1 out of 1 hunks failed while patching sys/dev/e1000/em_txrx.c
:
:
:
--------------------------
|Index: head/sys/dev/ixl/ixl_txrx.c
|===================================================================
|--- head/sys/dev/ixl/ixl_txrx.c
|+++ head/sys/dev/ixl/ixl_txrx.c
--------------------------
Patching file sys/dev/ixl/ixl_txrx.c using Plan A...
Reversed (or previously applied) patch detected!  Assume -R? [y] n
Apply anyway? [n] y
Hunk #1 failed at 515.
Hunk #2 failed at 788.
Hunk #3 failed at 805.
3 out of 3 hunks failed while patching sys/dev/ixl/ixl_txrx.c
done
Comment 9 Harald Schmalzbauer 2019-09-25 14:43:54 UTC
Update:

The link-state-change issue doesn't affect _configured_ interfaces, so the fix in https://reviews.freebsd.org/D21769 is most likely perfectly valid.

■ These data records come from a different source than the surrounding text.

(* Let $G$ be a finite, simple, undirected, connected graph with at least two vertices and let $v \in V(G)$. The following statements are equivalent: (i) $v$ is the $\mathcal{L}$-root leaf of some DFS ordering of $G$ starting in $v$; (ii) $v$ is the $\mathcal{L}$-root leaf of every DFS ordering of $G$ starting in $v$; (iii) $v$ is the $\mathcal{L}$-root leaf of some MCS ordering of $G$; (iv) $v$ is the $\mathcal{L}$-root leaf of some GS ordering of $G$; (v) $v$ is an $\mathcal{L}$-branch leaf of some GS ordering of $G$; (vi) $v$ is an $\mathcal{F}$-branch leaf of some GS ordering of $G$; (vii) $v$ is the end-vertex (last vertex) of some GS ordering of $G$; (viii) $v$ is not a cut vertex of $G$.
   Context: A vertex ordering of $G$ is a bijection $\sigma:\{1,\dots,n\}\to V(G)$; $u \prec_\sigma w$ means $u$ comes before $w$. Searches are defined by the following label search: initially every vertex has label $\emptyset$; for $i=1,\dots,n$, choose any unnumbered vertex $x$ such that there is no unnumbered $y$ with $\mathrm{label}(x) \prec_{\mathcal{A}} \mathrm{label}(y)$, set $\sigma(i)=x$, and add $i$ to the labels of all unnumbered neighbors of $x$. The orderings produced this way are the $\mathcal{A}$-orderings. Generic Search (GS): $A \prec B$ iff $A=\emptyset$ and $B\neq\emptyset$. Depth First Search (DFS): $A \prec B$ iff ($A=\emptyset$ and $B\neq\emptyset$) or $\max(A)<\max(B)$. Maximum Cardinality Search (MCS): $A \prec B$ iff $|A|<|B|$. For a GS ordering $\sigma$ of a connected graph $G$, the $\mathcal{F}$-tree of $\sigma$ is the spanning tree containing, for each vertex $v\neq\sigma(1)$, the edge from $v$ to its leftmost neighbor in $\sigma$; the $\mathcal{L}$-tree of $\sigma$ contains, for each $v \neq \sigma(1)$, the edge from $v$ to its rightmost neighbor $w$ with $w \prec_\sigma v$. A vertex is an $\mathcal{F}$-leaf ($\mathcal{L}$-leaf) of $\sigma$ if it is a leaf of the $\mathcal{F}$-tree ($\mathcal{L}$-tree) of $\sigma$; it is the $\mathcal{F}$-root leaf ($\mathcal{L}$-root leaf) if additionally it is $\sigma(1)$, and an $\mathcal{F}$-branch leaf ($\mathcal{L}$-branch leaf) otherwise. *)

From mathcomp Require Import all_boot.
Set Implicit Arguments. Unset Strict Implicit. Unset Printing Implicit Defensive.
Definition gram_mx (n : nat) (xi : n.-tuple L) (H : L -> L -> L) : 'M[K]_n :=
  \matrix_(i < n, j < n) toK (H (tnth xi i) (tnth xi j)).
End Defs.

Definition hermitian_mx (K : finFieldType) (q n : nat) (A : 'M[K]_n) : bool :=
  (map_mx (fun x => x ^+ q) A)^T == A.
Arguments Hform {K L} q n d a0 a x y.

(* Tr is K-linear, nondegenerate and invariant under x |-> x^(q^2), and
   a0 = a0^(q^n); so each summand of H(x, y)^q agrees with a summand of H(y, x)
   after an even power of the Frobenius, and H is Hermitian.  If x is in the
   radical of H, raising H(y, x) to the power q^(2n-d) gives Tr(y' * hpol x) = 0
   for all y', hence hpol x = 0, where hpol is a linearized polynomial with
   exponents among q^0, q^2, ..., q^(2(n-d)), nonzero unless all parameters
   vanish.  As the radical is an F_(q^2)-space of dimension n - rank, this gives
   rank >= d.  The Gram matrix is additive in the parameters, so the rank bound
   makes it injective on the q^n * q^(2n(n-d)/2) admissible parameters. *)

From HB Require Import structures.
From mathcomp Require Import all_boot all_order all_algebra all_field.
From mathcomp Require Import zify ring.

Set Implicit Arguments.
Unset Strict Implicit.
Unset Printing Implicit Defensive.

Import GRing.Theory.
Local Open Scope ring_scope.

Lemma card_le_ker_img (V W : finZmodType) (f : V -> W) :
  {morph f : x y / x - y} ->
  (#|V| <= #|[set x | f x == 0%R]| * #|[set f x | x in V]|)%N.
Proof.
move=> fB; pose s y := odflt 0 [pick x | f x == y].
have fsK x : f (s (f x)) = f x by rewrite /s; case: pickP => [x' /eqP | /(_ x)/eqP].
pose g x := (x - s (f x), f x).
have g_inj : injective g by move=> x1 x2 [h1 h2]; rewrite -(subrK (s (f x1)) x1) h1 h2 subrK.
rewrite -cardsX -(card_imset _ g_inj); apply/subset_leq_card/subsetP => _ /imsetP[x _ ->].
by rewrite in_setX inE fB fsK subrr eqxx imset_f.
Qed.

Lemma sparse_poly_roots (F : fieldType) (I : finType) (c : I -> F) (e : I -> nat)
    (N : nat) (rs : seq F) :
  injective e -> (forall i, e i <= N)%N -> (exists i, c i != 0) -> uniq rs ->
  {in rs, forall x, \sum_i c i * x ^+ e i = 0} -> (size rs <= N)%N.
Proof.
move=> e_inj e_le [i0 ci0] rs_uniq rs_roots.
pose p : {poly F} := \sum_i c i *: 'X^(e i).
have coef_p j : p`_(e j) = c j.
  rewrite coef_sum (bigD1 j) //= coefZ coefXn eqxx mulr1 big1 ?addr0 // => i ij.
  by rewrite coefZ coefXn (inj_eq e_inj) eq_sym (negbTE ij) mulr0.
have p_neq0 : p != 0 by apply: contra_neq ci0 => p0; rewrite -coef_p p0 coef0.
have size_p : (size p <= N.+1)%N.
  apply: leq_trans (size_sum _ _ _) _; apply/bigmax_leqP => i _.
  by rewrite (leq_trans (size_scale_leq _ _)) // size_polyXn ltnS.
have p_roots : all (root p) rs.
  apply/allP => x /rs_roots x_root; rewrite /root horner_sum -[X in _ == X]x_root.
  by apply/eqP/eq_bigr => i _; rewrite hornerZ hornerXn.
by rewrite -ltnS (leq_trans (max_poly_roots p_neq0 p_roots rs_uniq)).
Qed.
Lemma nth_perm_seq s (i : 'I_n) : nth 0 (perm_seq s) i = s i.
Proof. by rewrite (nth_map i) ?size_enum_ord // nth_ord_enum. Qed.

Lemma perm_seq_inj : injective perm_seq.
Proof. by move=> s t E; apply/permP => i; apply: ord_inj; rewrite -!nth_perm_seq E. Qed.

Lemma perm_seq1 : perm_seq 1 = iota 0 n.
Proof. by rewrite -val_enum_ord; apply: eq_map => i; rewrite perm1. Qed.

Lemma perm_seqM s t : perm_seq (s * t) = comp_seq (perm_seq s) (perm_seq t).
Proof. by rewrite /comp_seq -map_comp; apply: eq_map => i /=; rewrite nth_perm_seq permM. Qed.

Lemma perm_seq_tperm (i j : 'I_n) :
  perm_seq (tperm i j) =
    [seq if k == i then (j : nat) else if k == j then (i : nat) else k | k : nat <- iota 0 n].
Proof.
rewrite -val_enum_ord -map_comp; apply: eq_map => k /=.
rewrite !(inj_eq val_inj).
by case: tpermP => [->|->|/eqP/negbTE-> /eqP/negbTE->] //; rewrite eqxx //; case: eqP => // ->.
Qed.

Lemma perm_seq_iota s : perm_eq (perm_seq s) (iota 0 n).
Proof.
rewrite -val_enum_ord [perm_seq s](map_comp val s); apply: perm_map.
apply: uniq_perm; rewrite ?enum_uniq ?(map_inj_uniq (@perm_inj _ s)) ?enum_uniq // => i.
by rewrite mem_enum; apply/mapP; exists (s^-1 i)%g; rewrite ?mem_enum ?permKV.
Qed.

Lemma perm_seq_surj l : perm_eq l (iota 0 n) -> exists s, perm_seq s = l.
Proof.
move=> pl; have inj : injective (fun i : 'I_n => Ordinal (nth_iota_perm_lt pl (ltn_ord i))).
  by move=> i j [] /(nth_iota_perm_inj pl (ltn_ord i) (ltn_ord j)) /val_inj.
exists (perm inj); apply: (@eq_from_nth _ 0); rewrite size_perm_seq ?(size_iota_perm pl) //.
by move=> i lt_in; rewrite -[i]/(val (Ordinal lt_in)) nth_perm_seq permE.
Qed.

End PermSeq.

Lemma perm_seq0 n (s : {perm 'I_n.+1}) : nth 0 (perm_seq s) 0 = s ord0.
Proof. exact: (nth_perm_seq s ord0). Qed.

Lemma lift_perm_stab n (s : {perm 'I_n.+1}) : s ord0 = ord0 -> exists u, s = lift_perm ord0 ord0 u.
Proof.
move=> s0; pose f (k : 'I_n) := odflt k (unlift ord0 (s (lift ord0 k))).
have fE k : lift ord0 (f k) = s (lift ord0 k).
  rewrite /f; case: unliftP => [j -> // | /=].
  by rewrite -{2}s0 => /perm_inj /eqP; rewrite eq_sym (negPf (neq_lift _ _)).
have f_inj : injective f by move=> i j /(congr1 (lift ord0)); rewrite !fE => /perm_inj /lift_inj.
exists (perm f_inj); apply/permP => x; case: (unliftP ord0 x) => [k -> | ->].
  by rewrite lift_perm_lift permE fE.
by rewrite lift_perm_id.
Qed.
(* A set $S$ of points of $PG(3,2)$ is a strong blocking set of size $9$ if and only if $S$ is a hyperbolic quadric $Q^{+}(3,2)$. That is, the minimal strong blocking sets of $PG(3,2)$ are exactly the hyperbolic quadrics $Q^{+}(3,2)$.
   Context: $PG(3,2)$ is the $3$-dimensional projective space over $\mathbb{F}_2$. A strong blocking set in $PG(3,2)$ is a set of points $S$ such that for every plane $\sigma$, the span $\langle \sigma\cap S\rangle$ equals $\sigma$; the minimum possible size of such a set is $9$, and a strong blocking set of size $9$ is called a minimal strong blocking set. A hyperbolic quadric $Q^{+}(3,2)$ is the set of points of $PG(3,2)$ which is the zero set of a non-degenerate quadratic form of hyperbolic type, i.e. a point set projectively equivalent to $\{(x_0:x_1:x_2:x_3): x_0x_1+x_2x_3=0\}$ (it has $9$ points). *)

From HB Require Import structures.
From mathcomp Require Import all_boot all_order all_algebra.
Set Implicit Arguments. Unset Strict Implicit. Unset Printing Implicit Defensive.
Import GRing.Theory.
Local Open Scope ring_scope.

(* Vectors of F_2^4.  Over F_2 every 1-dim subspace has exactly one nonzero
   vector, so the points of PG(3,2) are exactly the nonzero vectors. *)
Definition vec4 := 'rV['F_2]_4.

Definition PGpoints : {set vec4} := [set x : vec4 | x != 0].

Definition is_plane (U : {vspace vec4}) : Prop := \dim U = 3%N.

Definition plane_points (U : {vspace vec4}) : {set vec4} :=
  [set x in PGpoints | x \in U].

Definition strong_blocking (S : {set vec4}) : Prop :=
  forall U : {vspace vec4}, is_plane U ->
    (<< enum (plane_points U :&: S)%SET >>)%VS = U.

Definition Qplus (x : vec4) : 'F_2 :=
  x 0 (inord 0) * x 0 (inord 1) + x 0 (inord 2) * x 0 (inord 3).

Definition Qplus_std : {set vec4} := [set x in PGpoints | Qplus x == 0].

(* S is a hyperbolic quadric Q^+(3,2): the image of the standard one under a
   collineation of PG(3,2) (PGammaL(4,2) = PGL(4,2) = GL(4,2)). *)
Definition hyperbolic_quadric (S : {set vec4}) : Prop :=
  exists2 A : 'M['F_2]_4, A \in unitmx & S = [set x *m A | x in Qplus_std].

(* A set S of points is strongly blocking iff its complement T contains no four
   points summing to zero, i.e. no plane minus a line: such a quadruple spans a
   plane whose points in S lie on a line, and conversely if the points of S in a
   plane U span less than U, they lie in a line L of U and a coset u + L of L in
   U avoids S.  For |S| = 9 the complement T is thus a 6-point Sidon set of
   F_2^4.  Its 15 pair sums are then distinct and nonzero, hence exhaust the 15
   points; this forces T to be the union of two skew lines.  GL(4,2) acts
   transitively on pairs of skew lines, and the complement of Q^+(3,2) is such
   a pair. *)

From HB Require Import structures.
From mathcomp Require Import all_boot all_order all_algebra zify.
Set Implicit Arguments. Unset Strict Implicit. Unset Printing Implicit Defensive.
Import GRing.Theory.
Local Open Scope ring_scope.

(** * Linear algebra over F_2 *)

Lemma F2_cases (k : 'F_2) : k = 0 \/ k = 1.
Proof. by case: k => [[|[|//]] ?]; [left|right]; apply/val_inj. Qed.

Section CharTwo.
Variable V : lmodType 'F_2.
Implicit Types u v : V.

Lemma addvv_F2 v : v + v = 0.
Proof. by rewrite -mulr2n -scaler_nat (_ : 2 = 0) ?scale0r //; apply/eqP. Qed.

Lemma oppv_F2 v : - v = v.
Proof. by rewrite -[LHS]add0r -(addvv_F2 v) addrK. Qed.

Lemma addv_eq0_F2 u v : (u + v == 0) = (u == v).
Proof. by rewrite addr_eq0 oppv_F2. Qed.

Lemma addvK_F2 u v : u + v + v = u.
Proof. by rewrite -addrA addvv_F2 addr0. Qed.

End CharTwo.

Lemma memv_span_cons_F2 (V : vectType 'F_2) (u v : V) s :
  (u \in <<v :: s>>%VS) = (u \in <<s>>%VS) || (u + v \in <<s>>%VS).
Proof.
rewrite span_cons; apply/memv_addP/orP => [[w /vlineP[k ->] [t ts ->]]|].
  by case: (F2_cases k) => ->; [left | right];
    rewrite ?scale0r ?add0r ?scale1r ?(addrC v) ?addvK_F2.
case=> [us|uvs]; first by exists 0; rewrite ?mem0v //; exists u; rewrite ?add0r.
by exists v; rewrite ?memv_line //; exists (u + v); rewrite // addrC addvK_F2.
Qed.

Lemma subv_dim_between (K : fieldType) (V : vectType K) (W U : {vspace V}) k :
  (W <= U)%VS -> (\dim W <= k <= \dim U)%N ->
  exists2 L : {vspace V}, (W <= L <= U)%VS & \dim L = k.
Proof.
move=> sWU; elim: k => [|k IH] /andP[leWk lekU].
  by exists W; [rewrite subvv | apply/eqP; rewrite -leqn0].
have [dimW|] := eqVneq (\dim W) k.+1; first by exists W; rewrite ?subvv.
move=> neWk; have leWk' : (\dim W <= k)%N by rewrite -ltnS ltn_neqAle neWk.
have [|L /andP[sWL sLU] dimL] := IH; first by rewrite leWk' ltnW.
have /subvPn[u uU uL] : ~~ (U <= L)%VS.
  by apply: contraTN lekU => /dimvS; rewrite dimL -ltnNge ltnS.
exists (L + <[u]>)%VS.
  by rewrite (subv_trans sWL (addvSl _ _)) subv_add sLU -memvE.
apply/eqP; rewrite eqn_leq; apply/andP; split.
  by rewrite -dimL -addn1 (leq_trans (dimv_add_leqif _ _)) ?leq_add2l ?dim_vline ?leq_b1.
rewrite -dimL (ltn_leqif (dimv_leqif_sup (addvSl _ _))) subv_add subvv /=.
by rewrite -memvE.
Qed.
(* Let $X \in \{0,1\}$ be a binary random variable and let $Y_x$ be a real-valued random variable (a potential outcome). Suppose that for each $x' \in \{0,1\}$ the conditional distribution of $Y_x$ given $X = x'$ has a cdf that is strictly increasing and continuous on its support. Let $\underline{y}_x$ and $\overline{y}_x$ (possibly $-\infty$ and $+\infty$) denote the lower and upper endpoints of the support of $Y_x$, and let $p(y_x) = \Pr(X=1 \mid Y_x = y_x)$. Let $\mathcal{T} \subseteq \mathbb{R}$. Then $Y_x$ is $\mathcal{T}$-independent of $X$ if and only if \[ \mathbb{E}\big( p(Y_x) \mid Y_x \in (t_1,t_2) \big) = \Pr(X=1) \] for all $t_1, t_2 \in \mathcal{T} \cup \{\underline{y}_x, \overline{y}_x\}$ with $t_1 < t_2$.
   Context: $Y_x$ is called $\mathcal{T}$-independent of $X$ if $F_{Y_x\mid X}(\tau \mid 0) = F_{Y_x \mid X}(\tau \mid 1)$ for all $\tau \in \mathcal{T}$, where $F_{Y_x\mid X}(\cdot\mid x')$ is the conditional cdf of $Y_x$ given $X=x'$. The function $p$ is called the latent propensity score. *)

From HB Require Import structures.
From mathcomp Require Import all_boot all_order all_algebra.
From mathcomp Require Import all_classical all_reals all_analysis.
Set Implicit Arguments. Unset Strict Implicit. Unset Printing Implicit Defensive.
Import Order.TTheory GRing.Theory Num.Theory.
Import numFieldNormedType.Exports.
Local Open Scope classical_set_scope.
Local Open Scope ring_scope.

Section defs.
Context {d : measure_display} {T : measurableType d} {R : realType}.
Variables (P : probability T R) (X : T -> bool) (Y : T -> R).

Definition prX (b : bool) : R := fine (P [set w | X w = b]).

Definition condcdf (b : bool) (tau : R) : R :=
  fine (P ([set w | Y w <= tau] `&` [set w | X w = b])) / prX b.

Definition condsupp (b : bool) : set R :=
  [set y | forall e : R, 0 < e ->
     (0 < P ([set w | (`|Y w - y| < e)%R] `&` [set w | X w = b]))%E].

Definition supp : set R :=
  [set y | forall e : R, 0 < e -> (0 < P [set w | (`|Y w - y| < e)%R])%E].

Definition ylow : \bar R := ereal_inf (EFin @` supp).
Definition yup : \bar R := ereal_sup (EFin @` supp).

(* p is (a version of) the latent propensity score y |-> Pr(X = 1 | Y = y) *)
Definition is_propensity (p : R -> R) : Prop :=
  measurable_fun setT p /\
  P.-integrable setT (fun w => (p (Y w))%:E) /\
  forall B : set R, measurable B ->
    (\int[P]_(w in Y @^-1` B) (p (Y w))%:E = P (Y @^-1` B `&` [set w | X w = true]))%E.

Definition Yin (t1 t2 : \bar R) : set T := [set w | (t1 < (Y w)%:E < t2)%E].

Definition condexp_p (p : R -> R) (t1 t2 : \bar R) : R :=
  fine (\int[P]_(w in Yin t1 t2) (p (Y w))%:E) / fine (P (Yin t1 t2)).

Definition T_independent (Tset : set R) : Prop :=
  forall tau, Tset tau -> condcdf false tau = condcdf true tau.
End defs.

From HB Require Import structures.
From mathcomp Require Import all_boot all_order all_algebra.
From mathcomp Require Import all_classical all_reals all_analysis.
From mathcomp Require Import ring lra measurable_realfun.
Import Order.TTheory GRing.Theory Num.Theory.
Import numFieldNormedType.Exports.
Local Open Scope classical_set_scope.
Local Open Scope ring_scope.

(* Let E be the event X = true and D A := P(A /\ E) - P(A) P(E) the independence
   defect of an event A: D is additive and vanishes on null events and on the whole
   space. Equality of the two conditional cdfs at tau says D(Y <= tau) = 0, and since
   the propensity score integrates to P(. /\ E) over events of Y,
   E(p(Y) | t1 < Y < t2) = P(E) says D(t1 < Y < t2) = 0. Continuity of the conditional
   cdfs on their supports makes Y atomless, so D(Y <= tau) = D(Y < tau) and
   D(t1 < Y < t2) = D(Y < t2) - D(Y < t1); and Y lies almost surely between ylow and
   yup, so D(Y < ylow) = D(Y < yup) = 0. Both implications follow by telescoping. *)

Section real_probability.
Context {d : measure_display} {T : measurableType d} {R : realType}.
Variable P : probability T R.
Implicit Types A B E : set T.

Definition prob A : R := fine (P A).

Lemma probE A : measurable A -> P A = (prob A)%:E.
Proof. by move=> mA; rewrite /prob fineK // fin_num_measure. Qed.

Lemma prob_ge0 A : 0 <= prob A.
Proof. exact: fine_ge0. Qed.

Lemma prob_gt0 A : measurable A -> (0 < P A)%E -> 0 < prob A.
Proof. by move=> mA; rewrite probE // lte_fin. Qed.

Lemma probT : prob setT = 1.
Proof. by rewrite /prob probability_setT. Qed.

Lemma prob_null A : P A = 0%E -> prob A = 0.
Proof. by rewrite /prob => ->. Qed.

Lemma prob_eq0 A : measurable A -> prob A = 0 -> P A = 0%E.
Proof. by move=> mA A0; rewrite probE // A0. Qed.

Lemma le_prob A B : measurable A -> measurable B -> A `<=` B -> prob A <= prob B.
Proof. by move=> mA mB AB; rewrite -lee_fin -!probE // le_measure ?inE. Qed.

Lemma probU A B : measurable A -> measurable B -> A `&` B = set0 ->
  prob (A `|` B) = prob A + prob B.
Proof.
by move=> mA mB AB; apply: EFin_inj; rewrite EFinD -!probE ?measureU //; exact: measurableU.
Qed.

Lemma probU2 A B : measurable A -> measurable B -> prob (A `|` B) <= prob A + prob B.
Proof.
by move=> mA mB; rewrite -lee_fin EFinD -!probE ?measureU2 //; exact: measurableU.
Qed.

Lemma probIC A E : measurable A -> measurable E ->
  prob A = prob (A `&` E) + prob (A `&` ~` E).
Proof.
move=> mA mE; rewrite -probU.
- by rewrite -setIUr setUCr setIT.
- exact: measurableI.
- by apply: measurableI => //; exact: measurableC.
- by rewrite setIACA setICr !setI0.
Qed.

Section independence_defect.
Variables (E : set T) (mE : measurable E).

Definition indep_defect A : R := prob (A `&` E) - prob A * prob E.

Lemma indep_defectU A B : measurable A -> measurable B -> A `&` B = set0 ->
  indep_defect (A `|` B) = indep_defect A + indep_defect B.
Proof.
move=> mA mB AB; rewrite /indep_defect setIUl (probU _ _ mA mB AB) probU.
- by ring.
- exact: measurableI.
- exact: measurableI.
- by rewrite setIACA AB set0I.
Qed.

Lemma indep_defect_null A : measurable A -> P A = 0%E -> indep_defect A = 0.
Proof.
move=> mA A0; have AE0 : P (A `&` E) = 0%E.
  exact: (subset_measure0 (measurableI _ _ mA mE) mA (@subIsetl _ A E) A0).
by rewrite /indep_defect (prob_null _ A0) (prob_null _ AE0) mul0r subrr.
Qed.

Lemma indep_defectT : indep_defect setT = 0.
Proof. by rewrite /indep_defect setTI probT mul1r subrr. Qed.

Lemma indep_defectC A : measurable A -> indep_defect (~` A) = - indep_defect A.
Proof.
move=> mA; apply/eqP; rewrite -subr_eq0 opprK addrC -indep_defectU ?setUCr ?setICr //.
- by rewrite indep_defectT.
- exact: measurableC.
Qed.

Lemma cond_prob_eq_iff A : 0 < prob A ->
  prob (A `&` E) / prob A = prob E <-> indep_defect A = 0.
Proof.
move=> A_gt0; rewrite /indep_defect; split => [<-|/eqP].
  by rewrite mulrC divfK ?gt_eqF ?subrr.
by rewrite subr_eq0 => /eqP ->; rewrite mulrAC divff ?mul1r ?gt_eqF.
Qed.

Lemma cond_probC_eq_iff A : measurable A -> 0 < prob E -> 0 < prob (~` E) ->
  prob (A `&` ~` E) / prob (~` E) = prob (A `&` E) / prob E <-> indep_defect A = 0.
Proof.
move=> mA E_gt0 CE_gt0.
have probCE : prob (~` E) = 1 - prob E.
  by rewrite -probT (probIC _ _ measurableT mE) !setTI addrC addKr.
have probIC_A : prob (A `&` ~` E) = prob A - prob (A `&` E).
  by rewrite (probIC _ _ mA mE) addrC addKr.
have cross : prob (A `&` ~` E) * prob E - prob (A `&` E) * prob (~` E) = - indep_defect A.
  by rewrite probCE probIC_A /indep_defect; ring.
rewrite (rwP eqP) eqr_div ?lt0r_neq0 // -subr_eq0 cross oppr_eq0.
by split => /eqP.
Qed.

End independence_defect.

End real_probability.

Section real_random_variable.
Context {d : measure_display} {T : measurableType d} {R : realType}.
Variable P : probability T R.
Context {Z : T -> R}.
Hypothesis mZ : measurable_fun setT Z.

Lemma measurable_preimage (B : set R) : measurable B -> measurable [set w | B (Z w)].
Proof. by move=> mB; rewrite -[X in measurable X]setTI; exact: mZ. Qed.

Lemma measurable_EFin_preimage (B : set (\bar R)) :
  measurable B -> measurable [set w | B (Z w)%:E].
Proof.
move=> mB; have mEZ : measurable_fun setT (EFin \o Z) by exact/measurable_EFinP.
by rewrite -[X in measurable X]setTI; exact: mEZ.
Qed.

I guess the remaining issue is by design.
As long as the interface was never configured, state change only works once in one direction -> recorded as active.
If I have the interface configured before or afterwards, connection change/loss will be recognized.  But not for unconfigured interfaces.
So the issue has no production influencing effects.  It's might just caus confusion on systems with (cold) standby interfaces, since the admin might assume there's a link active and searches all switches unsuccessfully for that link…

During this test I saw that assigning an IP address to an already link-established em(4) or igb(4) interface, causes loss/interruption of the establisehd ethernet link.
Don't know if this is desired…
Guess these facts are related and as long as the internal steps configuring a em/igb(4) (or probably iflib generic?) NIC stay as they are, it won't be possible to catch the link state loss with unconfigured/cold-stanby interfaces, right?

Thanks,

-Harry(In reply to John Delano from comment #7)
Comment 10 John Delano 2019-09-25 16:08:06 UTC
(In reply to Harald Schmalzbauer from comment #8)

Installed on Release 12.0
Comment 11 Harald Schmalzbauer 2019-09-26 17:39:07 UTC
(In reply to Harald Schmalzbauer from comment #9)

https://bugs.freebsd.org/bugzilla/show_bug.cgi?id=240818 confirms that the remaining issue is by design (iflib igb).
Since the fix for my issue is also reported in Bug 236724, I'll close this as duplicate.

*** This bug has been marked as a duplicate of bug 236724 ***